Aim of the exercise
Reproduce the listing verbatim through the line with "specialize (HC2 q p2 Hq Hp).".

►

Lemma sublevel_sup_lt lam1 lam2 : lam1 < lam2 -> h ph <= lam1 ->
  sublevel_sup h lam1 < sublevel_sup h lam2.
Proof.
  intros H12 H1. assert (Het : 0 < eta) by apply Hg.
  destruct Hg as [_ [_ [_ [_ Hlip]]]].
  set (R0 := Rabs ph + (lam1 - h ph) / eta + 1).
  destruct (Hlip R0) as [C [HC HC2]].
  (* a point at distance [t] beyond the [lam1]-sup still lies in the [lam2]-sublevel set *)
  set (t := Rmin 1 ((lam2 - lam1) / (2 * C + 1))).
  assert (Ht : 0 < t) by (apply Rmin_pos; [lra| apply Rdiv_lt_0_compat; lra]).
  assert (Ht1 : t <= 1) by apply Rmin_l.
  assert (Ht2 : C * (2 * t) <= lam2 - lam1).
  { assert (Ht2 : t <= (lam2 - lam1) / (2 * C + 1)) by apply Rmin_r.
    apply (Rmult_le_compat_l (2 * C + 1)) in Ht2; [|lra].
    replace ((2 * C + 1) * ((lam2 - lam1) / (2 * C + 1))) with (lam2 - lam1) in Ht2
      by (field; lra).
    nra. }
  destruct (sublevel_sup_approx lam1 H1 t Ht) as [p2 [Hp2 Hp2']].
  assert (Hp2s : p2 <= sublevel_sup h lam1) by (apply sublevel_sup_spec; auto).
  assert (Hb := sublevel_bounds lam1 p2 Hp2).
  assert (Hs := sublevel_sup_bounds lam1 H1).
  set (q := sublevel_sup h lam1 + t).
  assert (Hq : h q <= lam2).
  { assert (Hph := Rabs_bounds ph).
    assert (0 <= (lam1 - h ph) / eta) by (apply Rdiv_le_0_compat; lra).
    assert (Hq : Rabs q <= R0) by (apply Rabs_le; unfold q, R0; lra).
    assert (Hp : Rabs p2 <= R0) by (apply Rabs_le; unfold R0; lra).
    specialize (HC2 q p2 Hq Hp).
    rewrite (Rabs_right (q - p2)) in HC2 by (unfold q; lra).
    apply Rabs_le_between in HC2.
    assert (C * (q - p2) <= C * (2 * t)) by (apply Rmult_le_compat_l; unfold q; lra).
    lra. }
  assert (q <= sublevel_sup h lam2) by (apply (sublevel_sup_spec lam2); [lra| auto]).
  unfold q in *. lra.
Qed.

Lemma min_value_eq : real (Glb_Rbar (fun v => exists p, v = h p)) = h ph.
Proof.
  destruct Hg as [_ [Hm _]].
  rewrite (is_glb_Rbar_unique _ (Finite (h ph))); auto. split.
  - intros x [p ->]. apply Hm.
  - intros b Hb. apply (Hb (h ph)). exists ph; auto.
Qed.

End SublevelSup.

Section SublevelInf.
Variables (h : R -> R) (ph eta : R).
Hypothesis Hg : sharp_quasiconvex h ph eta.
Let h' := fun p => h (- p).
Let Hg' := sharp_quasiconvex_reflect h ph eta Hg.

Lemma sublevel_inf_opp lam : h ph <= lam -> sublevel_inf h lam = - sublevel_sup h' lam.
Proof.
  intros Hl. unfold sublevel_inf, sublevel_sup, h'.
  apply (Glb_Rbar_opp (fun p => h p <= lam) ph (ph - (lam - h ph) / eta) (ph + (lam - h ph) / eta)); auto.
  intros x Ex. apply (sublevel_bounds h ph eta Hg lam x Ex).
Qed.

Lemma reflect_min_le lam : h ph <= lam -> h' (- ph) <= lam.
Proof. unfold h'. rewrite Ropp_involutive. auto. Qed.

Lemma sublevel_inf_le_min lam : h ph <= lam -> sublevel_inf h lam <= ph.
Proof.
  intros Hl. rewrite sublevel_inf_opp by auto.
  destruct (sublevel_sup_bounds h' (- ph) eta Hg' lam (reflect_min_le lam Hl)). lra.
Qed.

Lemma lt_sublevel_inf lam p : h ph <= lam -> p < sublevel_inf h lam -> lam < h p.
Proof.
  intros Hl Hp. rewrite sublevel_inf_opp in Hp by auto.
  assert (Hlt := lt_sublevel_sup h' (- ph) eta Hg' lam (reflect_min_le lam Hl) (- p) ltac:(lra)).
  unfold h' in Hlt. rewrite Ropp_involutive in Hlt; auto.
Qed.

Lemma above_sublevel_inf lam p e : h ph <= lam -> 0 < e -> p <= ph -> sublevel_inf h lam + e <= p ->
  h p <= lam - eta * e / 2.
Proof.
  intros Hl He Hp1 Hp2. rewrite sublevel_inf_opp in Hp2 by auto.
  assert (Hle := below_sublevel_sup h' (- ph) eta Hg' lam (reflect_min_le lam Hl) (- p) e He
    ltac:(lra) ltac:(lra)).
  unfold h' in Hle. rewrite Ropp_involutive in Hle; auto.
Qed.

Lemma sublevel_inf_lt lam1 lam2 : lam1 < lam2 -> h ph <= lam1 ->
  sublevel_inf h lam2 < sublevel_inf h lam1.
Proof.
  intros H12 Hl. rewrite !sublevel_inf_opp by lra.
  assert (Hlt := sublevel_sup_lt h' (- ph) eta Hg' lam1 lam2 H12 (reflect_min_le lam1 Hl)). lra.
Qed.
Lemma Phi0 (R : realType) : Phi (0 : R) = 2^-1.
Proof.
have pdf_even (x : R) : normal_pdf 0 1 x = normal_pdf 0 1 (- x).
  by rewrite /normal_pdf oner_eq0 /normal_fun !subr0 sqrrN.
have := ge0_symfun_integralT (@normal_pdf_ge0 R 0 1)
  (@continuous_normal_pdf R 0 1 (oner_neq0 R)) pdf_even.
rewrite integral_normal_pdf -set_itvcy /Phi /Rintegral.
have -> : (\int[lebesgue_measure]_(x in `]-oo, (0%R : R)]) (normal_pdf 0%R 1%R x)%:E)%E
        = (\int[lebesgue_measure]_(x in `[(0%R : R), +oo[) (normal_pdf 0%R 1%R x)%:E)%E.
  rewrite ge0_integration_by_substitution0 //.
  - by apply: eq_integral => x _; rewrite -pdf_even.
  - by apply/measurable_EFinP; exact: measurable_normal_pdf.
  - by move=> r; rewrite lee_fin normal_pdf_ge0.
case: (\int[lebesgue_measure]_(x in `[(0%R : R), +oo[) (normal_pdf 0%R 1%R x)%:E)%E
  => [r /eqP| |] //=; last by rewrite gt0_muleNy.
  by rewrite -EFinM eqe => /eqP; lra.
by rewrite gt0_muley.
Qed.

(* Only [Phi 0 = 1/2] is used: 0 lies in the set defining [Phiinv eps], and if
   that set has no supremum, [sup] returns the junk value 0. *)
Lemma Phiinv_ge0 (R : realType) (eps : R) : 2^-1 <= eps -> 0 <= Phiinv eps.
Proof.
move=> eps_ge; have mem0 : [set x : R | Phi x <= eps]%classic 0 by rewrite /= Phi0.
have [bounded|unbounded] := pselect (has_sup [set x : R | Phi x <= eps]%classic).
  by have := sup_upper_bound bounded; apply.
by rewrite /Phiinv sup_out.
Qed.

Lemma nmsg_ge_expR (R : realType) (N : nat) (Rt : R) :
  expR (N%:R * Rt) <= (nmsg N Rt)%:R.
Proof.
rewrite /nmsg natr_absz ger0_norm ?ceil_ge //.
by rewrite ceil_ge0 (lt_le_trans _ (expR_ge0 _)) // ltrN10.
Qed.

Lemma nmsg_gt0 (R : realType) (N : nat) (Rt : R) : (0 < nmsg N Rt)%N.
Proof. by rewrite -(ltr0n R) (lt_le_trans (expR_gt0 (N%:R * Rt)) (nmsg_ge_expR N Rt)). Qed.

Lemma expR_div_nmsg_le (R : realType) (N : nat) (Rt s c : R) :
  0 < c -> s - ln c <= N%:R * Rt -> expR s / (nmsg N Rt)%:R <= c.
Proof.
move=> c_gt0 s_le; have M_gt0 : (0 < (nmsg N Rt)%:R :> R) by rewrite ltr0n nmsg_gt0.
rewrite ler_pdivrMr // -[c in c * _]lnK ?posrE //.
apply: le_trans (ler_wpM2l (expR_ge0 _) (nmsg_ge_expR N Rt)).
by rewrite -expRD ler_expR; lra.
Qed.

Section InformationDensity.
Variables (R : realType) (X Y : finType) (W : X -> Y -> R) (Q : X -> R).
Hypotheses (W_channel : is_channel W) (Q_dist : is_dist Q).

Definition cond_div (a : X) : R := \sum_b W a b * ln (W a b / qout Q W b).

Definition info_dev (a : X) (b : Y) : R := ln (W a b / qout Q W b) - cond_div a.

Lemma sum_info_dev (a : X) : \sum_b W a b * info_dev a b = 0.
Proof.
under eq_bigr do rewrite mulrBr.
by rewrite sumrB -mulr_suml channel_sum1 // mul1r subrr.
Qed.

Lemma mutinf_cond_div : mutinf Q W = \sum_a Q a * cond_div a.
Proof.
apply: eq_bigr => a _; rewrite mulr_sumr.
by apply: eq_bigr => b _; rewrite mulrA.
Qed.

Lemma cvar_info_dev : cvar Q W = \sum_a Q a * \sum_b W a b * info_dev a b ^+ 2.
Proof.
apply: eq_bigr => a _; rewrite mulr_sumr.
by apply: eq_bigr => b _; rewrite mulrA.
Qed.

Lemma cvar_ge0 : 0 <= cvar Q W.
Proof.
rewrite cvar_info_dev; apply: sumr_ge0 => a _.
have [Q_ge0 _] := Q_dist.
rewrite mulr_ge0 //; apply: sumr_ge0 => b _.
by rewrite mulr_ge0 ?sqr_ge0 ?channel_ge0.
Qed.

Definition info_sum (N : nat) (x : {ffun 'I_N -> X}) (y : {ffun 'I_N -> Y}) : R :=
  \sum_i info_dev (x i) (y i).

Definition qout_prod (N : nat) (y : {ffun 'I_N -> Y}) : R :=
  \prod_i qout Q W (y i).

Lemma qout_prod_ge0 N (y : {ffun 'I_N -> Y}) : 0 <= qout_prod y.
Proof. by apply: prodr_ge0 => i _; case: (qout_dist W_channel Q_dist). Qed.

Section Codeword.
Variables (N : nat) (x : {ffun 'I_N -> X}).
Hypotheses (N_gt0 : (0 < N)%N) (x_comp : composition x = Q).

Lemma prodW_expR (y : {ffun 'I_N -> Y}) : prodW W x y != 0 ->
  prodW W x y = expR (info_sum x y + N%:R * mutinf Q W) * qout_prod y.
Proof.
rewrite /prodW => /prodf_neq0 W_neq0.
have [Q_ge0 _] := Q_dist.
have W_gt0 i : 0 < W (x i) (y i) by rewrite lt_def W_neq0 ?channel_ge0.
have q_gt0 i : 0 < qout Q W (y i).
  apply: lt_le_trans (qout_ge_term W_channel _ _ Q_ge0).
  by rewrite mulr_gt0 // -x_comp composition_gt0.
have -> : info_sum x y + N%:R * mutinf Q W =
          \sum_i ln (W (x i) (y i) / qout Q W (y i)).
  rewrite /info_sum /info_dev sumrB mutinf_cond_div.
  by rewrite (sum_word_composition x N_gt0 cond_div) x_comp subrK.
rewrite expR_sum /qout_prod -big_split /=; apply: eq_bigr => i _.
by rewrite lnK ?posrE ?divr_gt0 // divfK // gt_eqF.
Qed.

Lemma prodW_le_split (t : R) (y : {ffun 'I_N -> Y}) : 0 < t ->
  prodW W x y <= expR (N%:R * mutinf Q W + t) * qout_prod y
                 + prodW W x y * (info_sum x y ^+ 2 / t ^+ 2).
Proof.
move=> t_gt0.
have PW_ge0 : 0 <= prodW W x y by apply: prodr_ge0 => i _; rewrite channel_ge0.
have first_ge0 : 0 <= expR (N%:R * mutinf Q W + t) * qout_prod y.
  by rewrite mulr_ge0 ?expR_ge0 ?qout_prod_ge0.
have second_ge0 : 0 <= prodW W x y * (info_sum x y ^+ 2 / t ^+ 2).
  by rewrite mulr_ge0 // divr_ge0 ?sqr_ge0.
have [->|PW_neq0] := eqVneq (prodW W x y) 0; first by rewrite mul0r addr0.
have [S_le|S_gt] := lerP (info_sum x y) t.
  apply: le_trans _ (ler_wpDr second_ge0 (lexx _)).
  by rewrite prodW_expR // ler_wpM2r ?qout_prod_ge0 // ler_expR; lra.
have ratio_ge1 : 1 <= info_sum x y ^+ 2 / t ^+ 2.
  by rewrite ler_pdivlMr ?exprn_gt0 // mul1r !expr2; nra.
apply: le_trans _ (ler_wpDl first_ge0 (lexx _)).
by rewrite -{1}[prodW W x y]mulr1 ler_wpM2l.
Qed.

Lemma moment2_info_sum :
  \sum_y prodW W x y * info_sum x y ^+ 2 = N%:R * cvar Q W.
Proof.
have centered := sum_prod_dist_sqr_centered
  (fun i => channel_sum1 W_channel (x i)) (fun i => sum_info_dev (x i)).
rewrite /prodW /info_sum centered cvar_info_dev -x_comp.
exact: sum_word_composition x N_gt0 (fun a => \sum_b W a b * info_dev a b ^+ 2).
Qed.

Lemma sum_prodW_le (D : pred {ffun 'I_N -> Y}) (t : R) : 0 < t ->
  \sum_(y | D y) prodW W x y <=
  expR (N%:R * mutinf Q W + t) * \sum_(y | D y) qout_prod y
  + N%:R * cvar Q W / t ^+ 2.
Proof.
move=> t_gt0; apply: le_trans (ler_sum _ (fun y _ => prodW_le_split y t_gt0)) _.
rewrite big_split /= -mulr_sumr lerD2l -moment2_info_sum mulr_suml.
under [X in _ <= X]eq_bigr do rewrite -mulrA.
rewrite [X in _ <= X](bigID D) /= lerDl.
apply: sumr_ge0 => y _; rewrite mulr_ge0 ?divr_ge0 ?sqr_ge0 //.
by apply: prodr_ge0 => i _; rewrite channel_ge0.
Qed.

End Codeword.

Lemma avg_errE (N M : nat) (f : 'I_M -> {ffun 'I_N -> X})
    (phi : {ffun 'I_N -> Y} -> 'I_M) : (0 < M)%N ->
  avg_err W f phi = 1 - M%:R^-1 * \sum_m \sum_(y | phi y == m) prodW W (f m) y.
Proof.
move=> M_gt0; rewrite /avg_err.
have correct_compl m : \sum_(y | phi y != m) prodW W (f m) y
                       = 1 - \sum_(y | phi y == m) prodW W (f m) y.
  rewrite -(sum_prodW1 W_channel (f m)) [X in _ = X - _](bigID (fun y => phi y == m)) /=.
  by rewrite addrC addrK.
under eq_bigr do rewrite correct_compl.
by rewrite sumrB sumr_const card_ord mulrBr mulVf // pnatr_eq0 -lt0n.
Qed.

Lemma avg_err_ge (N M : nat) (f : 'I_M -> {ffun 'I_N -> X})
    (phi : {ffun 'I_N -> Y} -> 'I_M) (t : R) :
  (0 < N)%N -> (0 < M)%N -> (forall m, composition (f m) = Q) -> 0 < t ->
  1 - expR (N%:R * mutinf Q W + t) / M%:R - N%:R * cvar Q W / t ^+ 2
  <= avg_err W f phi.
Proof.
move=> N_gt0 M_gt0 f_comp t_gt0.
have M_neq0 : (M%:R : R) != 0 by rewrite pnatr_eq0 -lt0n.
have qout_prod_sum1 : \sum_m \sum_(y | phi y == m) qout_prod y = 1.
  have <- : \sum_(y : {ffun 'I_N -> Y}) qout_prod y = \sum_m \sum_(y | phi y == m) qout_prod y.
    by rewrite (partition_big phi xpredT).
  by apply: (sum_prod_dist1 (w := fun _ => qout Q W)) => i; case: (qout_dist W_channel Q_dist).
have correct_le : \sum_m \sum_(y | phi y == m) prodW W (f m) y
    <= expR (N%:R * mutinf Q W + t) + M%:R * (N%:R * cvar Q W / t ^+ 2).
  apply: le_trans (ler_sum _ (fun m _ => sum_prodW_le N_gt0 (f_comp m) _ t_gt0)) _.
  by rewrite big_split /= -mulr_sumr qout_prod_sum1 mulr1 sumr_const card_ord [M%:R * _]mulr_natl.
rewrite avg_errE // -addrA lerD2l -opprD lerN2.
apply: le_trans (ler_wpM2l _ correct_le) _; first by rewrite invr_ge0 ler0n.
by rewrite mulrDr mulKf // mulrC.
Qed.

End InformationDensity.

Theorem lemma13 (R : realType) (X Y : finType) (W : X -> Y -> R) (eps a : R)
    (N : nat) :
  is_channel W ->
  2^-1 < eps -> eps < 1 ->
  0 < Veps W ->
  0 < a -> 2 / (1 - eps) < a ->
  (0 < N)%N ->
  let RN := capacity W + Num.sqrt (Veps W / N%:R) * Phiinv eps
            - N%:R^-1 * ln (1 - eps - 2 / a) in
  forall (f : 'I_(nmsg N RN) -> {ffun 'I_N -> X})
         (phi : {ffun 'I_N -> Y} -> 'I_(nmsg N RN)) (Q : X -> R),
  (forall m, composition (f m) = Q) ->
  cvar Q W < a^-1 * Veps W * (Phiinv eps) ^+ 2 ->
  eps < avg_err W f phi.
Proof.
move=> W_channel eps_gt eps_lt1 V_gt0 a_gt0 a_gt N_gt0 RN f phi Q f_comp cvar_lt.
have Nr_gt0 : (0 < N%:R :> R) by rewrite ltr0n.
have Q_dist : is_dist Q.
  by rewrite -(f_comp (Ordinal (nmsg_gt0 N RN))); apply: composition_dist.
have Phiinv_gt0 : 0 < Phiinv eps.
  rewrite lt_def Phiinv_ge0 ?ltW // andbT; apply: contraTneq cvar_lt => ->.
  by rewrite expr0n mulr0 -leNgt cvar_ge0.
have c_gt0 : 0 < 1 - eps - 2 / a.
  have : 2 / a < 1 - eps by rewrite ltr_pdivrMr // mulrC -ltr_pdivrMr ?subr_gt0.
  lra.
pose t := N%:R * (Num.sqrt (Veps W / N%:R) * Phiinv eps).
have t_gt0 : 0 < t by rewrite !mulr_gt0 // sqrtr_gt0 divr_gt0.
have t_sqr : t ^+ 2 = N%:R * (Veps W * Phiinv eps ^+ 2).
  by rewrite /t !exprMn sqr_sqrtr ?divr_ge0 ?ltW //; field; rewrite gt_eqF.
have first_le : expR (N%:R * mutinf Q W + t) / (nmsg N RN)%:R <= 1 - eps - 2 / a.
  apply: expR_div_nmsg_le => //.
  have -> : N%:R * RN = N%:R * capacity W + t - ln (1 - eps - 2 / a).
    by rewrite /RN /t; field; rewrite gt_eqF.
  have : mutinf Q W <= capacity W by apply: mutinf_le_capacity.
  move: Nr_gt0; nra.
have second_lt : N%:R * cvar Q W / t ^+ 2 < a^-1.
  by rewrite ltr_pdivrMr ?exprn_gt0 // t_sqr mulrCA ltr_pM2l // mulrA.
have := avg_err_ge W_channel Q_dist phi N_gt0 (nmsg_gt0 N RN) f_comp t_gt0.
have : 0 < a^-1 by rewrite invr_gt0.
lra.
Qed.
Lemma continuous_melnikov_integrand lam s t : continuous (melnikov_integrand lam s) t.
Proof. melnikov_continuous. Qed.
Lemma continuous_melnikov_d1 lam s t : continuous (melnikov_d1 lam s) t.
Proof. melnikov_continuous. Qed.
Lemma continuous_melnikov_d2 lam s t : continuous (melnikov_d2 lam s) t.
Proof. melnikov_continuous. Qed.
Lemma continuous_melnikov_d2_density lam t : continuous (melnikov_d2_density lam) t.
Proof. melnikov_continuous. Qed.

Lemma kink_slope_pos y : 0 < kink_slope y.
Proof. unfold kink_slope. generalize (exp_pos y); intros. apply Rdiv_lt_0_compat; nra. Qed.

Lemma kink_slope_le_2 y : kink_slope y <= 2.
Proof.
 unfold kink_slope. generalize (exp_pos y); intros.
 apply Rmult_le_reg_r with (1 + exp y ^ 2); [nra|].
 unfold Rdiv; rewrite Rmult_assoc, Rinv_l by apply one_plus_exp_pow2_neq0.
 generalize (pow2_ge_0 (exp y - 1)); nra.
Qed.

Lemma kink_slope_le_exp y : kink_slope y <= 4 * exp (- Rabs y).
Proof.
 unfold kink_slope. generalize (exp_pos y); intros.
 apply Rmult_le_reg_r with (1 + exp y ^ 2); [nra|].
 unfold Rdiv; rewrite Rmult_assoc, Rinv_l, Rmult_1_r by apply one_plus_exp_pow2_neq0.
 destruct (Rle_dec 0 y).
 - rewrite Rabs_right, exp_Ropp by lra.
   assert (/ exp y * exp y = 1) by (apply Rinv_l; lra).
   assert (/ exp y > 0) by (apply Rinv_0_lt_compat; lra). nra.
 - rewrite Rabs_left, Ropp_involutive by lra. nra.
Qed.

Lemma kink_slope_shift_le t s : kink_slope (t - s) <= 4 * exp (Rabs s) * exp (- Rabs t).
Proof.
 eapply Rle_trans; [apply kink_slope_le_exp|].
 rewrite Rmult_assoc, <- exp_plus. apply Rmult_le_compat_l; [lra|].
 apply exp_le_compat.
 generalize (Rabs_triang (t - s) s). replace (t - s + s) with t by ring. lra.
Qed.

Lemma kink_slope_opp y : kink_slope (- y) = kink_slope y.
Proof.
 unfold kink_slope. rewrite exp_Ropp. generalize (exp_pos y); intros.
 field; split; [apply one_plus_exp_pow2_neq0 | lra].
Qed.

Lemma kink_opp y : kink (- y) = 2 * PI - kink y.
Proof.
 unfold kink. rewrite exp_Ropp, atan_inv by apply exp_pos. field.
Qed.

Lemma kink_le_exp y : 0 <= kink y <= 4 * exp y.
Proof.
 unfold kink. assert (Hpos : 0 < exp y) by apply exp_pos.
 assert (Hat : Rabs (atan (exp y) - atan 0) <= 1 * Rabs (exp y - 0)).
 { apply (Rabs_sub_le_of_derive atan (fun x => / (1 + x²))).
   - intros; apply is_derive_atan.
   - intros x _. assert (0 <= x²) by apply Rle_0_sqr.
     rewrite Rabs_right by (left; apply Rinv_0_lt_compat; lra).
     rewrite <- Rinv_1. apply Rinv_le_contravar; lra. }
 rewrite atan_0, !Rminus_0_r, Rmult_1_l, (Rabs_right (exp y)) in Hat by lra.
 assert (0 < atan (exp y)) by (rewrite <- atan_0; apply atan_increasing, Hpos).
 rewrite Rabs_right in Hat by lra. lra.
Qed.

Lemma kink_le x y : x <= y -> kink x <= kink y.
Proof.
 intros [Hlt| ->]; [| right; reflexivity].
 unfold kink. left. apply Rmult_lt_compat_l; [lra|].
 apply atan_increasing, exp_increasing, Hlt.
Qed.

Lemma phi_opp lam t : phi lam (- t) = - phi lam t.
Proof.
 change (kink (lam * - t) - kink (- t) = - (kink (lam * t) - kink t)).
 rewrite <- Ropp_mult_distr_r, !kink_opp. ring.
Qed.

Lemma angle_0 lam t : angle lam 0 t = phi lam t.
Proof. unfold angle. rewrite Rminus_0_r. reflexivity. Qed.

◄

Final answer
Lemma sublevel_sup_lt lam1 lam2 : lam1 < lam2 -> h ph <= lam1 ->
  sublevel_sup h lam1 < sublevel_sup h lam2.
Proof.
  intros H12 H1. assert (Het : 0 < eta) by apply Hg.
  destruct Hg as [_ [_ [_ [_ Hlip]]]].
  set (R0 := Rabs ph + (lam1 - h ph) / eta + 1).
  destruct (Hlip R0) as [C [HC HC2]].
  (* a point at distance [t] beyond the [lam1]-sup still lies in the [lam2]-sublevel set *)
  set (t := Rmin 1 ((lam2 - lam1) / (2 * C + 1))).
  assert (Ht : 0 < t) by (apply Rmin_pos; [lra| apply Rdiv_lt_0_compat; lra]).
  assert (Ht1 : t <= 1) by apply Rmin_l.
  assert (Ht2 : C * (2 * t) <= lam2 - lam1).
  { assert (Ht2 : t <= (lam2 - lam1) / (2 * C + 1)) by apply Rmin_r.
    apply (Rmult_le_compat_l (2 * C + 1)) in Ht2; [|lra].
    replace ((2 * C + 1) * ((lam2 - lam1) / (2 * C + 1))) with (lam2 - lam1) in Ht2
      by (field; lra).
    nra. }
  destruct (sublevel_sup_approx lam1 H1 t Ht) as [p2 [Hp2 Hp2']].
  assert (Hp2s : p2 <= sublevel_sup h lam1) by (apply sublevel_sup_spec; auto).
  assert (Hb := sublevel_bounds lam1 p2 Hp2).
  assert (Hs := sublevel_sup_bounds lam1 H1).
  set (q := sublevel_sup h lam1 + t).
  assert (Hq : h q <= lam2).
  { assert (Hph := Rabs_bounds ph).
    assert (0 <= (lam1 - h ph) / eta) by (apply Rdiv_le_0_compat; lra).
    assert (Hq : Rabs q <= R0) by (apply Rabs_le; unfold q, R0; lra).
    assert (Hp : Rabs p2 <= R0) by (apply Rabs_le; unfold R0; lra).
    specialize (HC2 q p2 Hq Hp).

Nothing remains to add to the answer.